This study has been completed.
Sponsor:
Information provided by:
Medical University of South Carolina
ClinicalTrials.gov Identifier:
NCT00118196
First received: July 8, 2005
Last updated: April 26, 2012
Last verified: April 2012
History of Changes
  Purpose

RATIONALE: Drugs used in chemotherapy, such as azacitidine and arsenic trioxide, work in different ways to stop the growth of cancer cells, either by killing the cells or by stopping them from dividing. Giving more than one drug (combination chemotherapy) may kill more cancer cells.

PURPOSE: This phase II trial is studying how well giving azacitidine together with arsenic trioxide works in treating patients with myelodysplastic syndromes or chronic myelomonocytic leukemia.


Condition Intervention Phase
Leukemia
Myelodysplastic Syndromes
 Drug: arsenic trioxide
Drug: azacitidine
 Phase 2

Study Type: Interventional
Study Design: Allocation: Non-Randomized
Masking: Open Label
Primary Purpose: Treatment
Official Title: A Phase II Study of Arsenic Trioxide in Combination With 5-Azacitidine in Myelodysplastic Syndromes

Resource links provided by NLM:

U.S. FDA Resources

Further study details as provided by Medical University of South Carolina:

Primary Outcome Measures:
  • Response rate (overall and confirmed) as measured by International Working Group (IWG) standardized criteria for MDS at day 113 and then every 4 weeks until completion of study treatment [ Designated as safety issue: No ]

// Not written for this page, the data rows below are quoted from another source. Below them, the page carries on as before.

(* The semi-metric space $(\mathcal D_n^+,d_s)$ is complete: every sequence $(\Delta^{(k)})_{k\ge0}$ in $\mathcal D_n^+$ such that for every $\varepsilon>0$ there is $K$ with $d_s(\Delta^{(p)},\Delta^{(q)})\le\varepsilon$ for all $p,q\ge K$ converges for $d_s$ to some $\Delta^{(\infty)}\in\mathcal D_n^+$, i.e. $d_s(\Delta^{(k)},\Delta^{(\infty)})\to0$.
   Context: $\mathcal D_n^+$ is the set of $n\times n$ diagonal matrices with positive diagonal entries, and $d_s(\Delta,\Delta')=\max_i\frac{|\Delta_i-\Delta'_i|}{\sqrt{\Delta_i\Delta'_i}}$. *)

From HB Require Import structures.
From mathcomp Require Import all_boot all_order all_algebra.
From mathcomp Require Import reals.
Set Implicit Arguments. Unset Strict Implicit. Unset Printing Implicit Defensive.
Import Order.TTheory GRing.Theory Num.Theory.
Local Open Scope ring_scope.

Definition posdiag (R : realType) (n : nat) (D : 'M[R]_n) : Prop :=
  is_diag_mx D /\ forall i : 'I_n, 0 < D i i.

Definition d_s (R : realType) (n : nat) (D D' : 'M[R]_n) : R :=
  \big[Num.max/0]_(i < n) (`|D i i - D' i i| / Num.sqrt (D i i * D' i i)).

From HB Require Import structures.
From mathcomp Require Import all_boot all_order all_algebra.
From mathcomp Require Import reals topology normedtype.
From mathcomp Require Import lra.
Import Order.TTheory GRing.Theory Num.Theory.
Import numFieldNormedType.Exports.

(* On each diagonal coordinate, [d_s] is the relative distance
   [|x - y| / sqrt (x y)] on positive reals.  A Cauchy sequence for it is
   eventually trapped in an interval [[m, M]] with [0 < m], because
   [reldist x y <= 1] forces [x <= 3 y].  On such an interval the relative
   distance and [|x - y|] are comparable (up to the factors [M] and [1 / m]),
   so the sequence converges in the usual sense to some [L >= m > 0], hence
   also for the relative distance.  The diagonal matrix of these limits is the
   limit for [d_s], a maximum over finitely many coordinates. *)

Set Implicit Arguments. Unset Strict Implicit. Unset Printing Implicit Defensive.
Local Open Scope ring_scope.

Definition cauchy_by {T : Type} {R : numDomainType} (d : T -> T -> R)
    (u : nat -> T) : Prop :=
  forall eps : R, 0 < eps -> exists K : nat, forall p q : nat,
    (K <= p)%N -> (K <= q)%N -> d (u p) (u q) <= eps.

Definition converges_by {T : Type} {R : numDomainType} (d : T -> T -> R)
    (u : nat -> T) (l : T) : Prop :=
  forall eps : R, 0 < eps -> exists K : nat, forall k : nat,
    (K <= k)%N -> d (u k) l <= eps.

Lemma cauchy_by_nonexpansive (T U : Type) (R : numDomainType)
    (d : T -> T -> R) (e : U -> U -> R) (f : U -> T) (u : nat -> U) :
  (forall x y, d (f x) (f y) <= e x y) -> cauchy_by e u -> cauchy_by d (f \o u).
Proof.
move=> fe ue eps eps0; have [K HK] := ue eps eps0.
by exists K => p q Kp Kq; apply: le_trans (fe _ _) (HK p q Kp Kq).
Qed.

Lemma eventually_bigmax_le (I : finType) (R : realDomainType)
    (F : I -> nat -> R) (eps : R) : 0 <= eps ->
  (forall i, exists K : nat, forall k, (K <= k)%N -> F i k <= eps) ->
  exists K : nat, forall k, (K <= k)%N -> \big[Num.max/0]_i F i k <= eps.
Proof.
move=> eps0 /fin_all_exists[K HK]; exists (\max_i K i) => k Kk.
apply: bigmax_le => // i _; apply: HK.
exact: leq_trans (leq_bigmax i) Kk.
Qed.

Lemma ge_sqrtr_mul (R : rcfType) (m x y : R) : 0 <= m -> m <= x -> m <= y ->
  m <= Num.sqrt (x * y).
Proof.
move=> m0 mx my; rewrite -(ger0_norm m0) -sqrtr_sqr ler_sqrt.
  by rewrite expr2 ler_pM.
by rewrite mulr_ge0 // (le_trans m0).
Qed.

Lemma le_sqrtr_mul (R : rcfType) (M x y : R) :
  0 <= x -> 0 <= y -> x <= M -> y <= M -> Num.sqrt (x * y) <= M.
Proof.
move=> x0 y0 xM yM; rewrite -(ger0_norm (le_trans x0 xM)) -sqrtr_sqr ler_sqrt.
  by rewrite expr2 ler_pM.
by rewrite sqr_ge0.
Qed.

Lemma cauchy_by_normr_cvg (R : realType) (u : nat -> R) :
  cauchy_by (fun x y => `|x - y|) u -> cvgn u.
Proof.
move=> Hc; apply: cauchy_cvg; apply: cauchy_exP => e e0.
have [K HK] := Hc (e / 2) (divr_gt0 e0 (ltr0Sn _ 1)).
exists (u K); exists K => // k /= Kk; rewrite /ball /=.
by apply: le_lt_trans (HK K k (leqnn K) Kk) _; lra.
Qed.

Definition reldist {R : realType} (x y : R) : R := `|x - y| / Num.sqrt (x * y).

Section RelativeDistance.
Variable R : realType.
Implicit Types x y m M : R.

Lemma reldistC x y : reldist x y = reldist y x.
Proof. by rewrite /reldist distrC [x * y]mulrC. Qed.

Lemma reldist_mul_sqrt x y : 0 < x -> 0 < y ->
  reldist x y * Num.sqrt (x * y) = `|x - y|.
Proof. by move=> x0 y0; rewrite mulfVK // gt_eqF // sqrtr_gt0 mulr_gt0. Qed.

Lemma reldist_le_normr m x y : 0 < m -> m <= x -> m <= y ->
  reldist x y <= `|x - y| / m.
Proof.
move=> m0 mx my; have xy0 : 0 < x * y by rewrite mulr_gt0 // (lt_le_trans m0).
rewrite ler_wpM2l // lef_pV2 ?posrE ?sqrtr_gt0 //.
exact: ge_sqrtr_mul (ltW m0) mx my.
Qed.

Lemma normr_le_reldist M x y : 0 < x -> 0 < y -> x <= M -> y <= M ->
  `|x - y| <= M * reldist x y.
Proof.
move=> x0 y0 xM yM; rewrite -reldist_mul_sqrt // mulrC ler_wpM2r //.
  by rewrite /reldist divr_ge0 ?sqrtr_ge0.
exact: le_sqrtr_mul (ltW x0) (ltW y0) xM yM.
Qed.

(* Any constant above [(3 + sqrt 5) / 2] would do. *)
Lemma reldist_le1_ratio x y : 0 < x -> 0 < y -> reldist x y <= 1 ->
  x <= 3 * y.
Proof.
move=> x0 y0; have s0 : 0 < Num.sqrt (x * y) by rewrite sqrtr_gt0 mulr_gt0.
rewrite -(ler_pM2r s0) reldist_mul_sqrt // mul1r ler_norml => /andP[_ xy].
have ss : Num.sqrt (x * y) * Num.sqrt (x * y) = x * y.
  by rewrite -expr2 sqr_sqrtr // mulr_ge0 // ltW.
nra.
Qed.

Section CauchySequence.
Variable u : nat -> R.
Hypothesis u_gt0 : forall k, 0 < u k.
Hypothesis u_cauchy : cauchy_by reldist u.

Lemma reldist_cauchy_bounded :
  exists m M K, 0 < m /\ forall k, (K <= k)%N -> m <= u k <= M.
Proof.
have [K HK] := u_cauchy ltr01.
have uK0 := u_gt0 K.
exists (u K / 3), (3 * u K), K; split; first exact: divr_gt0.
move=> k Kk; have dk := HK k K Kk (leqnn K).
have lo : u K <= 3 * u k by apply: reldist_le1_ratio; rewrite // reldistC.
have hi : u k <= 3 * u K by apply: reldist_le1_ratio.
apply/andP; split; lra.
Qed.

Lemma reldist_cauchy_normr : cauchy_by (fun x y => `|x - y|) u.
Proof.
have [m [M [K [m0 bnd]]]] := reldist_cauchy_bounded.
have M0 : 0 < M.
  by have /andP[mK KM] := bnd K (leqnn K); apply: lt_le_trans (le_trans mK KM).
move=> e e0; have [K' HK'] := u_cauchy (divr_gt0 e0 M0).
exists (maxn K K') => p q; rewrite !geq_max => /andP[Kp K'p] /andP[Kq K'q].
have /andP[_ pM] := bnd p Kp; have /andP[_ qM] := bnd q Kq.
apply: le_trans (normr_le_reldist (u_gt0 p) (u_gt0 q) pM qM) _.
by rewrite -ler_pdivlMl // mulrC HK'.
Qed.

Lemma reldist_cauchy_cvg : exists2 L, 0 < L & converges_by reldist u L.
Proof.
have [m [M [K [m0 bnd]]]] := reldist_cauchy_bounded.
have ucvg := cauchy_by_normr_cvg reldist_cauchy_normr.
have mL : m <= limn u.
  by apply: limr_ge => //; exists K => // k Kk; have /andP[] := bnd k Kk.
exists (limn u); first exact: lt_le_trans mL.
move=> e e0; have /cvgrPdist_le/(_ _ (mulr_gt0 e0 m0))[K' _ HK'] := ucvg.
exists (maxn K K') => k; rewrite geq_max => /andP[Kk K'k].
have /andP[mk _] := bnd k Kk.
apply: le_trans (reldist_le_normr m0 mk mL) _.
by rewrite ler_pdivrMr // distrC HK'.
Qed.

End CauchySequence.
End RelativeDistance.

Theorem mainTheorem8 (R : realType) (n : nat) (Dk : nat -> 'M[R]_n) :
  (forall k, posdiag (Dk k)) ->
  (forall eps : R, 0 < eps -> exists K : nat, forall p q : nat,
      (K <= p)%N -> (K <= q)%N -> d_s (Dk p) (Dk q) <= eps) ->
  exists Dinf : 'M[R]_n, posdiag Dinf /\
    (forall eps : R, 0 < eps -> exists K : nat, forall k : nat,
      (K <= k)%N -> d_s (Dk k) Dinf <= eps).
Proof.
move=> Dk_pos Dk_cauchy; have {}Dk_cauchy : cauchy_by (@d_s R n) Dk := Dk_cauchy.
have coord_cvg (i : 'I_n) : exists2 L, 0 < L & converges_by reldist (fun k => Dk k i i) L.
  apply: reldist_cauchy_cvg => [k|]; first exact: (Dk_pos k).2.
  apply: (cauchy_by_nonexpansive (f := fun D : 'M[R]_n => D i i) _ Dk_cauchy) => D D'.
  exact: (le_bigmax _ (fun j => reldist (D j j) (D' j j))).
have [L L_gt0 L_lim] := fin_all_exists2 coord_cvg.
have diagL i : diag_mx (\row_j L j) i i = L i by rewrite !mxE eqxx mulr1n.
exists (diag_mx (\row_j L j)); split.
  by split=> [|i]; rewrite ?diag_mx_is_diag ?diagL.
move=> e e0; apply: eventually_bigmax_le (ltW e0) _ => i.
by rewrite diagL; apply: L_lim.
Qed.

Secondary Outcome Measures:
  • Time to treatment failure as assessed by the Kaplan-Meier method at completion of study treatment [ Designated as safety issue: No ]
  • Progression-free survival as assessed by the Kaplan-Meier method at completion of study treatment [ Designated as safety issue: No ]
  • Toxicity as assessed by the Kaplan-Meier method and NCI-CTCAE version 3.0 during treatment until 30 days after completion of study treatment [ Designated as safety issue: Yes ]

Estimated Enrollment: 41
Study Start Date: April 2005
Study Completion Date: July 2008
Primary Completion Date: July 2008 (Final data collection date for primary outcome measure)
Detailed Description:

OBJECTIVES:

Primary

  • Determine the response rate in patients with myelodysplastic syndromes or chronic myelomonocytic leukemia treated with azacitidine and arsenic trioxide.

Secondary

  • Determine time to treatment failure in patients treated with this regimen.
  • Determine the tolerability and toxicity of this regimen in these patients.
  • Determine progression-free survival of patients treated with this regimen.

OUTLINE: This a multicenter, non-randomized, open-label, study.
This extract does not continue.